■ TASK: Which of the lines below mention the word "sqrt"? Pull each one out.

Collected data entries
○ ○ ○

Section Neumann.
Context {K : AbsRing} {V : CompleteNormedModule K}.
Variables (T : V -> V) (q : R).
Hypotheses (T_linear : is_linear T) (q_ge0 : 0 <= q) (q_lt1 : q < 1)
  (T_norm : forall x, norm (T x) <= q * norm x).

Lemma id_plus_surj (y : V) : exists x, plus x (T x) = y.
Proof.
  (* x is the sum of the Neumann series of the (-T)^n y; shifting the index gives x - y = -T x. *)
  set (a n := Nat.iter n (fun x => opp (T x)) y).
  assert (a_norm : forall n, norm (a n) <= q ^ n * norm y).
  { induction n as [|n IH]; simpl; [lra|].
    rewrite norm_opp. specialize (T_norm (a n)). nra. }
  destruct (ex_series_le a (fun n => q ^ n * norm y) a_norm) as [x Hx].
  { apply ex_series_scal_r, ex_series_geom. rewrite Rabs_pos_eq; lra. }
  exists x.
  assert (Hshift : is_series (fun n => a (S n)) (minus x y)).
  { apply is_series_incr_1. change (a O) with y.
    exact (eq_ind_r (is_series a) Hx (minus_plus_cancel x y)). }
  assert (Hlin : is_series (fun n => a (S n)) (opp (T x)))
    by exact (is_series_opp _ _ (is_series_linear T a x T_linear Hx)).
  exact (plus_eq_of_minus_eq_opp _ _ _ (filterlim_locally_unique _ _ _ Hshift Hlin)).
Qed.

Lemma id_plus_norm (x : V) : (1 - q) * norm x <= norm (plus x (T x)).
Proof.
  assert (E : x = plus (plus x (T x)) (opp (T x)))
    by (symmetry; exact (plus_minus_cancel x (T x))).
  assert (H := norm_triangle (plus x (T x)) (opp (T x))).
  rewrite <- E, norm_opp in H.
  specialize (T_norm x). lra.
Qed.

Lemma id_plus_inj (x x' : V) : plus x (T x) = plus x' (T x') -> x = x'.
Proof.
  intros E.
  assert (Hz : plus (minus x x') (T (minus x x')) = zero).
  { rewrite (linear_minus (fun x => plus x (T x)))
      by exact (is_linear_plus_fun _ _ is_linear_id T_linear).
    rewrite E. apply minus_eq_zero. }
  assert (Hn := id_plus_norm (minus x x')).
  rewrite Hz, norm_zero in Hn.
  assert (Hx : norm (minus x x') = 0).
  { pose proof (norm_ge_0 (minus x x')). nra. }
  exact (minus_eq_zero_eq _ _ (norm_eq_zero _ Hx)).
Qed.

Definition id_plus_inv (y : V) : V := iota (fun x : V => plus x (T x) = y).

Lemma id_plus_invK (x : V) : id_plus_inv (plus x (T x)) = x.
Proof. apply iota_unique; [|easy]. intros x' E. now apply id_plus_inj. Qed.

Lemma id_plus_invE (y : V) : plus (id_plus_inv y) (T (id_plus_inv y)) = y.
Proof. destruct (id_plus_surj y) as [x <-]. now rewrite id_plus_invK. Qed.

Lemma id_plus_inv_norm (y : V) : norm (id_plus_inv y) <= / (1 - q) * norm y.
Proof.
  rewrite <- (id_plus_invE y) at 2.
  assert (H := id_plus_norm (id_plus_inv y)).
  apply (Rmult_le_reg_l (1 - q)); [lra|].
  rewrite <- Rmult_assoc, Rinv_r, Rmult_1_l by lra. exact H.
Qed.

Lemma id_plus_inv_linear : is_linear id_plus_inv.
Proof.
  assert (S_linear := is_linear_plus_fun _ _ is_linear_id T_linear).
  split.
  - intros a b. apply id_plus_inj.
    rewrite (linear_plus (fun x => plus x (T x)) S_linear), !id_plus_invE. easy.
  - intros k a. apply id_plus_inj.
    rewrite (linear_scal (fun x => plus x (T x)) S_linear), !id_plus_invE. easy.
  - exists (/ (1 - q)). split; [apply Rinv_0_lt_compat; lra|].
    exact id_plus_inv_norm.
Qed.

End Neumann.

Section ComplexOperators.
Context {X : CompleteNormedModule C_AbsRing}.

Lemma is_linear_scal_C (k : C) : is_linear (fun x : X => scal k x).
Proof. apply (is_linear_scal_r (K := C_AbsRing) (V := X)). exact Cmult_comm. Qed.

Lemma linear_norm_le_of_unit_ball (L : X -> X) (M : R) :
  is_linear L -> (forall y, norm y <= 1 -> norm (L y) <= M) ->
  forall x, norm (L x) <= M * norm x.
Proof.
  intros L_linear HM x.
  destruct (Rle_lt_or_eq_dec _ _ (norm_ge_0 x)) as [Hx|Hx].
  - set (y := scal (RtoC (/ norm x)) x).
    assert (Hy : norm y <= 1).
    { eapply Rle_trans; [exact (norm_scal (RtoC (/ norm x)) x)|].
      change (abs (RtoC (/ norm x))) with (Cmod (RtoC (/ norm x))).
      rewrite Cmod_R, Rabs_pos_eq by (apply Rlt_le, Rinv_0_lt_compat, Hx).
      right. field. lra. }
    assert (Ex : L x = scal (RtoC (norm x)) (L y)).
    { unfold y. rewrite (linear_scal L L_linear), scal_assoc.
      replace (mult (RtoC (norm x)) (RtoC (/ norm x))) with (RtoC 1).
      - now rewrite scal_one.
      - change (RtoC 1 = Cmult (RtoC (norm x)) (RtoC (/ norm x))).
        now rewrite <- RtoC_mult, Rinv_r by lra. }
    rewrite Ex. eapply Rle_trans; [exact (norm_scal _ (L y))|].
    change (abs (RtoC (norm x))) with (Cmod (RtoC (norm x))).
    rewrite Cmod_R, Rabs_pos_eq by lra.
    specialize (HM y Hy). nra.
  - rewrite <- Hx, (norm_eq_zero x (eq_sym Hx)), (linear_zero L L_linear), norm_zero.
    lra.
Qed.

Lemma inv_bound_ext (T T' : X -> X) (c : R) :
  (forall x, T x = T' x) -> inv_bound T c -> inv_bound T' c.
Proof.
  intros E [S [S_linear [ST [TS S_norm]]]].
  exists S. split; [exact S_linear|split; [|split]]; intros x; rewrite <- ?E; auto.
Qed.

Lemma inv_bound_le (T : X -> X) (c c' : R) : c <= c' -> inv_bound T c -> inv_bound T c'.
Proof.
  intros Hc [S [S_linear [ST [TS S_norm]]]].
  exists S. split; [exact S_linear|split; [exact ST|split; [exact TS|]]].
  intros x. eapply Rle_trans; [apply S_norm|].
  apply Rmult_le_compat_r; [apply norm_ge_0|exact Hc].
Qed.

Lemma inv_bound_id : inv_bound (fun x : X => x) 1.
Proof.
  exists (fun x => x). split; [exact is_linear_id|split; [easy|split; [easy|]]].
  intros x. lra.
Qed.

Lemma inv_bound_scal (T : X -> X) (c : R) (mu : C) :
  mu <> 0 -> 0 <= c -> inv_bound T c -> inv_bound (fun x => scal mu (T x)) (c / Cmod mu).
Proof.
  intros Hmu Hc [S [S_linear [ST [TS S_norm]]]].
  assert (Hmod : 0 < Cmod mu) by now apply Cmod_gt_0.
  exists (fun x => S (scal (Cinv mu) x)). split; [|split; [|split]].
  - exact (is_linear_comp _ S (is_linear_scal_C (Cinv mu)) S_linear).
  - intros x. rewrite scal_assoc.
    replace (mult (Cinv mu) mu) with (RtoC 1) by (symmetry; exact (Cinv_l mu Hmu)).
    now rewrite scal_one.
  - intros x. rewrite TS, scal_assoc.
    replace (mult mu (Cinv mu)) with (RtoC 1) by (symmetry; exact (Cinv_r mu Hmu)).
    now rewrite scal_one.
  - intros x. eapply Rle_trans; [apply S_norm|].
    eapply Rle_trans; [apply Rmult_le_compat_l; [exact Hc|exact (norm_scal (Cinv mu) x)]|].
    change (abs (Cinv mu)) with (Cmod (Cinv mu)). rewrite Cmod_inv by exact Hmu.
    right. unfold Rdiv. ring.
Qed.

○ ○ ○

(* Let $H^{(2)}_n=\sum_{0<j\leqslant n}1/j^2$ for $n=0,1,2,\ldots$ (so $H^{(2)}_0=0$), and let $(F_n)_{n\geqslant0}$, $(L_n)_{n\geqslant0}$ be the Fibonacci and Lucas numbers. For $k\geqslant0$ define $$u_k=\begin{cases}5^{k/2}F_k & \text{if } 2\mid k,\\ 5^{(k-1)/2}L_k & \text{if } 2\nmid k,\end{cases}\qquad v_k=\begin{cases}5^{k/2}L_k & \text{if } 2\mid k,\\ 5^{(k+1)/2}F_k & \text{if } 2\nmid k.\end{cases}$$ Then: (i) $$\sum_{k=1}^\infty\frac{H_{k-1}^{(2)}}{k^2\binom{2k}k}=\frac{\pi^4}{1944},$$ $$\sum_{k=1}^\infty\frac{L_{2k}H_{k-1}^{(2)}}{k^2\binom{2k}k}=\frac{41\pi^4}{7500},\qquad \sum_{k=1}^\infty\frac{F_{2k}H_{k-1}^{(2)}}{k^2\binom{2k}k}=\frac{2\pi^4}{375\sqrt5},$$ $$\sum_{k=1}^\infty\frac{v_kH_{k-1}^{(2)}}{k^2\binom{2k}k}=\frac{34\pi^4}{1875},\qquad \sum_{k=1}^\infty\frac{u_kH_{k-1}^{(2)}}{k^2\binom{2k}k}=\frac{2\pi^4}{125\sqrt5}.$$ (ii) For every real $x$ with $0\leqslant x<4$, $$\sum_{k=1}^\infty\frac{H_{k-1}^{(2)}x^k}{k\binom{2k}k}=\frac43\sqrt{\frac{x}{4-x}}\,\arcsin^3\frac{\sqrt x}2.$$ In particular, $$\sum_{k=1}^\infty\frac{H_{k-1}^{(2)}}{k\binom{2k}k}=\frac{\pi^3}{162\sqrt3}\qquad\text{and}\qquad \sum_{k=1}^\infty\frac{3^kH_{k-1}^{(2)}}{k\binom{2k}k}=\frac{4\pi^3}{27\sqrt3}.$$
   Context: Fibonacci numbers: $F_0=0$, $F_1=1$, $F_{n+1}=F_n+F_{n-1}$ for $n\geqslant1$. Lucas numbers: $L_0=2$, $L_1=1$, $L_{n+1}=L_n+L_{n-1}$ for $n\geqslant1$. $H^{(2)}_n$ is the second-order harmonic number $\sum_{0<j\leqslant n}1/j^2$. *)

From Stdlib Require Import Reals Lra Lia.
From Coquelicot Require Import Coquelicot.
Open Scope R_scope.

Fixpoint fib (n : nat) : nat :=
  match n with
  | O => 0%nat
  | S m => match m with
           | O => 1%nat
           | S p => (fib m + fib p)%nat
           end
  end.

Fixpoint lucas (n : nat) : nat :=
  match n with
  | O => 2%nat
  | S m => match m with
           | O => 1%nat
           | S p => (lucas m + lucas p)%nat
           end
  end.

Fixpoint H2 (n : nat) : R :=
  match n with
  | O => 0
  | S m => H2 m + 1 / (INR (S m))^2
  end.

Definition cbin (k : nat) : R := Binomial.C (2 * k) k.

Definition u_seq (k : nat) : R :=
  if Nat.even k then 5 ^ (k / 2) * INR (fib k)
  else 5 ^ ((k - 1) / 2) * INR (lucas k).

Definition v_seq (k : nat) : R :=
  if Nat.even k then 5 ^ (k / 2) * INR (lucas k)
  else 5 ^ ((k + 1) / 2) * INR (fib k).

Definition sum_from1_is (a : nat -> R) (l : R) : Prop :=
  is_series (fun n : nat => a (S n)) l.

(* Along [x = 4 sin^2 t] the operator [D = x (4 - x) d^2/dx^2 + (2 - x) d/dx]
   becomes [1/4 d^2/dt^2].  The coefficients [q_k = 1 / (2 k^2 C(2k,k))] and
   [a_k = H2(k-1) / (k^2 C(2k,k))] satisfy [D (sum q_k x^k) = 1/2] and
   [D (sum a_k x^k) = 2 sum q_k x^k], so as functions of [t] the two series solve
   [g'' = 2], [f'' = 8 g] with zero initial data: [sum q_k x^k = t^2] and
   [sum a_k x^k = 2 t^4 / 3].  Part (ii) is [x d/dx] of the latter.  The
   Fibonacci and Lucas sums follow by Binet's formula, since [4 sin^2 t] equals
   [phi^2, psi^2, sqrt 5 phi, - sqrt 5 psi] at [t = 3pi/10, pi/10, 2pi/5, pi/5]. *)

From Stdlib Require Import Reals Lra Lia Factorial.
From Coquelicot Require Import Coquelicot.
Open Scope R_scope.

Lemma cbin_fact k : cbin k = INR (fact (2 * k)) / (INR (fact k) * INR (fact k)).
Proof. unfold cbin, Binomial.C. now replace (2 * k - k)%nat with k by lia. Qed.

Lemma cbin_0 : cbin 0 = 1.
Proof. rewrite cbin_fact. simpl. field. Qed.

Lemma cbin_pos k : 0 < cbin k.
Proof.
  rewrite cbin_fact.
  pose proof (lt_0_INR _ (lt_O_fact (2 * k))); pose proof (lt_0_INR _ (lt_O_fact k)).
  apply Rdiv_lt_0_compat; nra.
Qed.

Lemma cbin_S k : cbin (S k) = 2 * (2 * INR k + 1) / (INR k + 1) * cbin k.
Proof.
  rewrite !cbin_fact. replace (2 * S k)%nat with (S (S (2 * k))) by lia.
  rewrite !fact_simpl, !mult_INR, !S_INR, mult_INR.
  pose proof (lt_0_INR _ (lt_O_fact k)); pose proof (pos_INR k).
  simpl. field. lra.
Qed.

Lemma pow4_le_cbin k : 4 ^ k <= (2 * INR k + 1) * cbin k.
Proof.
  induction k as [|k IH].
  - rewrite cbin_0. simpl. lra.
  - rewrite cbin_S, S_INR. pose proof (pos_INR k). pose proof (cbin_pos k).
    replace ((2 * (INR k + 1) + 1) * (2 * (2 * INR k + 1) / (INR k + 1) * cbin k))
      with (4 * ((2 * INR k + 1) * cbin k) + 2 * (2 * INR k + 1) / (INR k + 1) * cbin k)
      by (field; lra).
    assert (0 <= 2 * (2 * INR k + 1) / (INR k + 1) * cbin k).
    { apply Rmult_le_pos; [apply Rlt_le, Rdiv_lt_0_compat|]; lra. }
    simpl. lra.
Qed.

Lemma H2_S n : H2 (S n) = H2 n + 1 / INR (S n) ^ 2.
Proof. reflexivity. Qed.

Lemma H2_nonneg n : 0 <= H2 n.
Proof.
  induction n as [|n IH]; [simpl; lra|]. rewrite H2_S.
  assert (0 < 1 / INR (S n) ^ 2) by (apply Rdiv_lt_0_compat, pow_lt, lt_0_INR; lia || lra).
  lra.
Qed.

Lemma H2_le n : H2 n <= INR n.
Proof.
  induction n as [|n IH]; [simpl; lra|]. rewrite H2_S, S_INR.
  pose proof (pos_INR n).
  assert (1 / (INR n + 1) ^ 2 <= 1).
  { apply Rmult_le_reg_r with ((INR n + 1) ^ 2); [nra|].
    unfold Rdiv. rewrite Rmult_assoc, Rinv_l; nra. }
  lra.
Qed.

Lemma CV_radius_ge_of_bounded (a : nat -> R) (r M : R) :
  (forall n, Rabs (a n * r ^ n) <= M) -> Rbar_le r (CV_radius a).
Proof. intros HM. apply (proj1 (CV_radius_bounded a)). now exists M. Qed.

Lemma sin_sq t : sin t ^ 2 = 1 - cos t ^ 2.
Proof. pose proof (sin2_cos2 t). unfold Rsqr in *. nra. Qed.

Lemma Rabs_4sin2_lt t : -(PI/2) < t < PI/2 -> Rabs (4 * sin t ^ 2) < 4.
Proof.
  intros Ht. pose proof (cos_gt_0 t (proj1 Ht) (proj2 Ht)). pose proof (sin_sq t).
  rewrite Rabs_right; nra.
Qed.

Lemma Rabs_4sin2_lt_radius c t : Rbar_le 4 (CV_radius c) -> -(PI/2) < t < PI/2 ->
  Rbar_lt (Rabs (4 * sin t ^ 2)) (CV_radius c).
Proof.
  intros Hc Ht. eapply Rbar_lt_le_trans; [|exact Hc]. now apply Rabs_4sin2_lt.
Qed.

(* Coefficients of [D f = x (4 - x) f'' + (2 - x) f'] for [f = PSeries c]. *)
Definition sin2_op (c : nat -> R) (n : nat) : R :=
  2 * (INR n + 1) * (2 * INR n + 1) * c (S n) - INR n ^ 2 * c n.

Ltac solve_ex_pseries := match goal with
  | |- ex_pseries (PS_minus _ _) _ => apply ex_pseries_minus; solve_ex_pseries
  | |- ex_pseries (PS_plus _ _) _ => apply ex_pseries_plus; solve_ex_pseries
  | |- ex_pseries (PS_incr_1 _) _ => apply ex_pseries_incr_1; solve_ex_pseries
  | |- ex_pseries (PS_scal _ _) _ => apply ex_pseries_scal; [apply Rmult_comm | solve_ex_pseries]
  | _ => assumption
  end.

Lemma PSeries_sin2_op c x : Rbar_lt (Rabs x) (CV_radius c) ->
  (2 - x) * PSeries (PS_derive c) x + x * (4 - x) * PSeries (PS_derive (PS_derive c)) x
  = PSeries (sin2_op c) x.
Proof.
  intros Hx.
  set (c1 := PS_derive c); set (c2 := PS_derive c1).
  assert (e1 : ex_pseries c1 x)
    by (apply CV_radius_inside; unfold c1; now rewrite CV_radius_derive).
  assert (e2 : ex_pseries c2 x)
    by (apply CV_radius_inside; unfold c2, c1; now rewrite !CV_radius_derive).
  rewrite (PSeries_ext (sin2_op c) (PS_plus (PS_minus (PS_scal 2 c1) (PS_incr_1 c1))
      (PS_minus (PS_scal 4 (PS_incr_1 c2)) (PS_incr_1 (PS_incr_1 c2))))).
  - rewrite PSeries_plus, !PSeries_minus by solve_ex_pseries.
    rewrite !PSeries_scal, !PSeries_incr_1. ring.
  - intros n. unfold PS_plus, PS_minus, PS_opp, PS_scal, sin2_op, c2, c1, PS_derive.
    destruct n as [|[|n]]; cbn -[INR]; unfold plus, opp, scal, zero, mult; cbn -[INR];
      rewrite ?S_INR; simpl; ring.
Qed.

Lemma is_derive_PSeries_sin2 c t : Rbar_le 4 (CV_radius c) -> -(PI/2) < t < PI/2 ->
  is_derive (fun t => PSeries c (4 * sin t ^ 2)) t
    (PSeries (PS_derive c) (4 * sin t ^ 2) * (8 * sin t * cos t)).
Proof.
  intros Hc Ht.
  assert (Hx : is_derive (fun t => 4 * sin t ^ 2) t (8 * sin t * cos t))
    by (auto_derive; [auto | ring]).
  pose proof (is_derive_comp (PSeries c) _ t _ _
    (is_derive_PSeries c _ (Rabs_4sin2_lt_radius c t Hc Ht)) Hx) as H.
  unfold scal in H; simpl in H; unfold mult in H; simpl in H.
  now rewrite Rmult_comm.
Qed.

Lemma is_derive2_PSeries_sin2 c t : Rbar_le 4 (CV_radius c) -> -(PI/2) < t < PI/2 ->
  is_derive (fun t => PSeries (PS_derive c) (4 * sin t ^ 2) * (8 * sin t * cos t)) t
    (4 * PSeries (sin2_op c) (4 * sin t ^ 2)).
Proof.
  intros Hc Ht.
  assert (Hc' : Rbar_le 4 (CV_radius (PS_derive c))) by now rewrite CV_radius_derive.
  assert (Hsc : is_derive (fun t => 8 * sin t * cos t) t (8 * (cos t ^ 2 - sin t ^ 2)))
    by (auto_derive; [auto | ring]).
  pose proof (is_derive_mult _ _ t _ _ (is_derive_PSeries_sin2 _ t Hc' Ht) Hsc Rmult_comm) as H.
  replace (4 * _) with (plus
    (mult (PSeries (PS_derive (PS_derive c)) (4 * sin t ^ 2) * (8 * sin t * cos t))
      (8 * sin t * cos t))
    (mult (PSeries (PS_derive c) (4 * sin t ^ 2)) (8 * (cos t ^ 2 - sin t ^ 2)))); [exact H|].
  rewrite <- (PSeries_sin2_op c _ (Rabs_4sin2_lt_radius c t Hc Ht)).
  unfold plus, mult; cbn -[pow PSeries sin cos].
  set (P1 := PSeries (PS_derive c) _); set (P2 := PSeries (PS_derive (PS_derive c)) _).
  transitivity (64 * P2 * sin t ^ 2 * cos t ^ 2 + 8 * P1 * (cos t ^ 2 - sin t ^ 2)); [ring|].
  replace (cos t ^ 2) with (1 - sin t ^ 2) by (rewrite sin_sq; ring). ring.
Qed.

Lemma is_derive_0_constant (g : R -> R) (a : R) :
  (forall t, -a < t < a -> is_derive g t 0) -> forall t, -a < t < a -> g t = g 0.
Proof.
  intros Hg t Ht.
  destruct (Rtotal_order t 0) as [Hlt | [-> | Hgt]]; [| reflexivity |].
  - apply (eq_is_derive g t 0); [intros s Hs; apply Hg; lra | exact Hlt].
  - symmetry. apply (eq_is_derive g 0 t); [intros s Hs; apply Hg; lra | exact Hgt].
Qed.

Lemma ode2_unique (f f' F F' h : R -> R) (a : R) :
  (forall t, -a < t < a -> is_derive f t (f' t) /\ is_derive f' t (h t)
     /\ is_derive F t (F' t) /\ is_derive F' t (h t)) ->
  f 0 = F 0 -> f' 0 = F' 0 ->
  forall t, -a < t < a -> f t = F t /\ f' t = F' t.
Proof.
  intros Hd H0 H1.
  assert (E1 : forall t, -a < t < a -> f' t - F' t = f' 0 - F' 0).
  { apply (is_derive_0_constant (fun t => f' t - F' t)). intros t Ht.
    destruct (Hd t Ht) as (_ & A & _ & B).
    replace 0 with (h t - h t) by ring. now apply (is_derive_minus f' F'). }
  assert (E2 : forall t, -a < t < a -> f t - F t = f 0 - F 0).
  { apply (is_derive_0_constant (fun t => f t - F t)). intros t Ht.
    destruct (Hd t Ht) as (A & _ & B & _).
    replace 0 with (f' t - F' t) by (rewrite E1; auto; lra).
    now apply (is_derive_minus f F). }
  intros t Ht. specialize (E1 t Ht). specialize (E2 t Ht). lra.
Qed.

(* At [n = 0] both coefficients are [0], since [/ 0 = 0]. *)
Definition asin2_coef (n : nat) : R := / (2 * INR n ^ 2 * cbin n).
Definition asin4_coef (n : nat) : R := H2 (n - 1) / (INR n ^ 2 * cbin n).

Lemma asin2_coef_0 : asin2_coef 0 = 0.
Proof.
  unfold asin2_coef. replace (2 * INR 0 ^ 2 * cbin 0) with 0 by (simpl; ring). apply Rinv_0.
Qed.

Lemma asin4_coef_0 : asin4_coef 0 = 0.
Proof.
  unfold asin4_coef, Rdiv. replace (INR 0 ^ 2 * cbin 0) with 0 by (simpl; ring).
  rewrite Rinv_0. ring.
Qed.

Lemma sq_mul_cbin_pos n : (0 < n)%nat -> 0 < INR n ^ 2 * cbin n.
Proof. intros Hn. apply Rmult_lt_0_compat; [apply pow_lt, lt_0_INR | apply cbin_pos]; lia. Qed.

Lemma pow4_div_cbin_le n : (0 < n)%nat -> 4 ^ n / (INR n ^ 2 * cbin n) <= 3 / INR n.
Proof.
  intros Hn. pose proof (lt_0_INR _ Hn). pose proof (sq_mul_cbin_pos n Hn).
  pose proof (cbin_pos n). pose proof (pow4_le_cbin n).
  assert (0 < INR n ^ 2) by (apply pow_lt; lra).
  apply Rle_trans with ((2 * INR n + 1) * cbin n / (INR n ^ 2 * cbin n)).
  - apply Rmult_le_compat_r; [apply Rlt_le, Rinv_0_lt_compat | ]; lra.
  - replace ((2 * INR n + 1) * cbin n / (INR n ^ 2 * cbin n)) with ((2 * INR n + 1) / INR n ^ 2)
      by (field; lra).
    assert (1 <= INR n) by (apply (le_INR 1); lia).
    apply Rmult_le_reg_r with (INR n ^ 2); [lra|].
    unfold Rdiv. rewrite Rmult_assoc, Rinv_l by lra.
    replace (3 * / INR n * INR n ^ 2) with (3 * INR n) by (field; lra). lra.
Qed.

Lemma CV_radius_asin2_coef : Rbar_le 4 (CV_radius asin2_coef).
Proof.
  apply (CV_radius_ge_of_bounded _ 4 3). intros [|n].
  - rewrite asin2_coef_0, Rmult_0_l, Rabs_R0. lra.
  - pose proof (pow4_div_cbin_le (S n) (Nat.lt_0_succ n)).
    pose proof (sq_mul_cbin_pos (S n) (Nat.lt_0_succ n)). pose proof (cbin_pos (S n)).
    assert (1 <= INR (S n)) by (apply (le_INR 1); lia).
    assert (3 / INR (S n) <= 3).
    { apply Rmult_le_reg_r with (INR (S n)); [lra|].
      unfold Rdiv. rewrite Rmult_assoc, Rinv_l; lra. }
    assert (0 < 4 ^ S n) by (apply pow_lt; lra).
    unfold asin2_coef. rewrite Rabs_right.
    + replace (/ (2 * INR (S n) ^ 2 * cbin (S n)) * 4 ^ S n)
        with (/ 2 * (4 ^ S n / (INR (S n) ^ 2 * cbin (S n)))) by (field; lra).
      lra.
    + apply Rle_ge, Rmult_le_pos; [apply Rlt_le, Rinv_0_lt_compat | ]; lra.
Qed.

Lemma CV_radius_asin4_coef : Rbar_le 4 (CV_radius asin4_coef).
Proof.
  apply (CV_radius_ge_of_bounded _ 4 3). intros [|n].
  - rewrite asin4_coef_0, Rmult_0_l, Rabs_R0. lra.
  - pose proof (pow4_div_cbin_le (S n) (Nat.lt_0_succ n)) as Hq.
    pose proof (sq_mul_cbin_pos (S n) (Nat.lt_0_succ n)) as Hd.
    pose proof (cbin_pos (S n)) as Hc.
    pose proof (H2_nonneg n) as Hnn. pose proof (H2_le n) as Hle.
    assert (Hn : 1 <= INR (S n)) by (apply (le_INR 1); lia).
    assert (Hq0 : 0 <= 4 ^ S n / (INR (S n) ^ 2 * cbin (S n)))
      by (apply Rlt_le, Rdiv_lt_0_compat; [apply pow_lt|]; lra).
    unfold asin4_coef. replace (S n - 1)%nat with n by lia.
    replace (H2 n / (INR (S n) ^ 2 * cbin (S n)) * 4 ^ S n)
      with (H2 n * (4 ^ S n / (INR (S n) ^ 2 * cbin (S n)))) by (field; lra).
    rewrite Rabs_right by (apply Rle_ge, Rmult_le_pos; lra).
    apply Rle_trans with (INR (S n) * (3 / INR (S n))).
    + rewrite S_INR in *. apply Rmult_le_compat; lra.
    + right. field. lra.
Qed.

○ ○ ○

■ RESULT OF THIS EXERCISE:
(* Let $H^{(2)}_n=\sum_{0<j\leqslant n}1/j^2$ for $n=0,1,2,\ldots$ (so $H^{(2)}_0=0$), and let $(F_n)_{n\geqslant0}$, $(L_n)_{n\geqslant0}$ be the Fibonacci and Lucas numbers. For $k\geqslant0$ define $$u_k=\begin{cases}5^{k/2}F_k & \text{if } 2\mid k,\\ 5^{(k-1)/2}L_k & \text{if } 2\nmid k,\end{cases}\qquad v_k=\begin{cases}5^{k/2}L_k & \text{if } 2\mid k,\\ 5^{(k+1)/2}F_k & \text{if } 2\nmid k.\end{cases}$$ Then: (i) $$\sum_{k=1}^\infty\frac{H_{k-1}^{(2)}}{k^2\binom{2k}k}=\frac{\pi^4}{1944},$$ $$\sum_{k=1}^\infty\frac{L_{2k}H_{k-1}^{(2)}}{k^2\binom{2k}k}=\frac{41\pi^4}{7500},\qquad \sum_{k=1}^\infty\frac{F_{2k}H_{k-1}^{(2)}}{k^2\binom{2k}k}=\frac{2\pi^4}{375\sqrt5},$$ $$\sum_{k=1}^\infty\frac{v_kH_{k-1}^{(2)}}{k^2\binom{2k}k}=\frac{34\pi^4}{1875},\qquad \sum_{k=1}^\infty\frac{u_kH_{k-1}^{(2)}}{k^2\binom{2k}k}=\frac{2\pi^4}{125\sqrt5}.$$ (ii) For every real $x$ with $0\leqslant x<4$, $$\sum_{k=1}^\infty\frac{H_{k-1}^{(2)}x^k}{k\binom{2k}k}=\frac43\sqrt{\frac{x}{4-x}}\,\arcsin^3\frac{\sqrt x}2.$$ In particular, $$\sum_{k=1}^\infty\frac{H_{k-1}^{(2)}}{k\binom{2k}k}=\frac{\pi^3}{162\sqrt3}\qquad\text{and}\qquad \sum_{k=1}^\infty\frac{3^kH_{k-1}^{(2)}}{k\binom{2k}k}=\frac{4\pi^3}{27\sqrt3}.$$
   [phi^2, psi^2, sqrt 5 phi, - sqrt 5 psi] at [t = 3pi/10, pi/10, 2pi/5, pi/5]. *)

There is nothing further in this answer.